→ **REQUIREMENT**
Transcribe every record in full, keeping it exactly the same.

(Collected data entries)
Lemma triangular_comb_eq0 (f : nat -> {poly F}) (c : nat -> F) m :
  (forall i, size (f i) = i.+1) ->
  \sum_(i < m) c i *: f i = 0 -> forall i, (i < m)%N -> c i = 0.
Proof.
move=> sf; elim: m => // m IH; rewrite big_ord_recr /= => e.
have cm : c m = 0.
  have /eqP := congr1 (coefp m) e.
  rewrite /= coef0 coefD coefZ coef_sum big1 ?add0r => [|i _]; last first.
    by rewrite coefZ nth_default ?mulr0 // sf.
  have lm : (f m)`_m != 0.
    have := lead_coef_eq0 (f m); rewrite lead_coefE sf /= => ->.
    by rewrite -size_poly_eq0 sf.
  by rewrite mulf_eq0 (negPf lm) orbF => /eqP.
move: e; rewrite cm scale0r addr0 => /IH cm0 i.
by rewrite ltnS leq_eqVlt => /predU1P[-> | /cm0].
Qed.

End Polynomials.

Section Annihilator.
Variables (F : fieldType) (n : nat) (B : 'M[F]_n.+1).
Implicit Types (u v w : 'rV[F]_n.+1) (a b c f : {poly F}).

Definition ann u a := forall f, (u *m horner_mx B f == 0) = (a %| f).

Lemma horner_mx_mul f g :
  horner_mx B (f * g) = horner_mx B f *m horner_mx B g.
Proof. by rewrite rmorphM mulmxE. Qed.

Lemma horner_mx_dvdp_eq0 u c f :
  u *m horner_mx B c = 0 -> c %| f -> u *m horner_mx B f = 0.
Proof. by move=> uc /dvdpP[g ->]; rewrite mulrC horner_mx_mul mulmxA uc mul0mx. Qed.

Lemma ann_root u a : ann u a -> u *m horner_mx B a = 0.
Proof. by move=> ha; apply/eqP; rewrite ha. Qed.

→ **ANSWER TO THIS TASK**
Lemma triangular_comb_eq0 (f : nat -> {poly F}) (c : nat -> F) m :
  (forall i, size (f i) = i.+1) ->
  \sum_(i < m) c i *: f i = 0 -> forall i, (i < m)%N -> c i = 0.
Proof.
move=> sf; elim: m => // m IH; rewrite big_ord_recr /= => e.
have cm : c m = 0.
  have /eqP := congr1 (coefp m) e.
  rewrite /= coef0 coefD coefZ coef_sum big1 ?add0r => [|i _]; last first.
    by rewrite coefZ nth_default ?mulr0 // sf.
  have lm : (f m)`_m != 0.
    have := lead_coef_eq0 (f m); rewrite lead_coefE sf /= => ->.
    by rewrite -size_poly_eq0 sf.
  by rewrite mulf_eq0 (negPf lm) orbF => /eqP.
move: e; rewrite cm scale0r addr0 => /IH cm0 i.
by rewrite ltnS leq_eqVlt => /predU1P[-> | /cm0].
Qed.

End Polynomials.

Section Annihilator.
Variables (F : fieldType) (n : nat) (B : 'M[F]_n.+1).
Implicit Types (u v w : 'rV[F]_n.+1) (a b c f : {poly F}).

Definition ann u a := forall f, (u *m horner_mx B f == 0) = (a %| f).

Lemma horner_mx_mul f g :
  horner_mx B (f * g) = horner_mx B f *m horner_mx B g.
Proof. by rewrite rmorphM mulmxE. Qed.

Lemma horner_mx_dvdp_eq0 u c f :
  u *m horner_mx B c = 0 -> c %| f -> u *m horner_mx B f = 0.
Proof. by move=> uc /dvdpP[g ->]; rewrite mulrC horner_mx_mul mulmxA uc mul0mx. Qed.

Lemma ann_root u a : ann u a -> u *m horner_mx B a = 0.
Proof. by move=> ha; apply/eqP; rewrite ha. Qed.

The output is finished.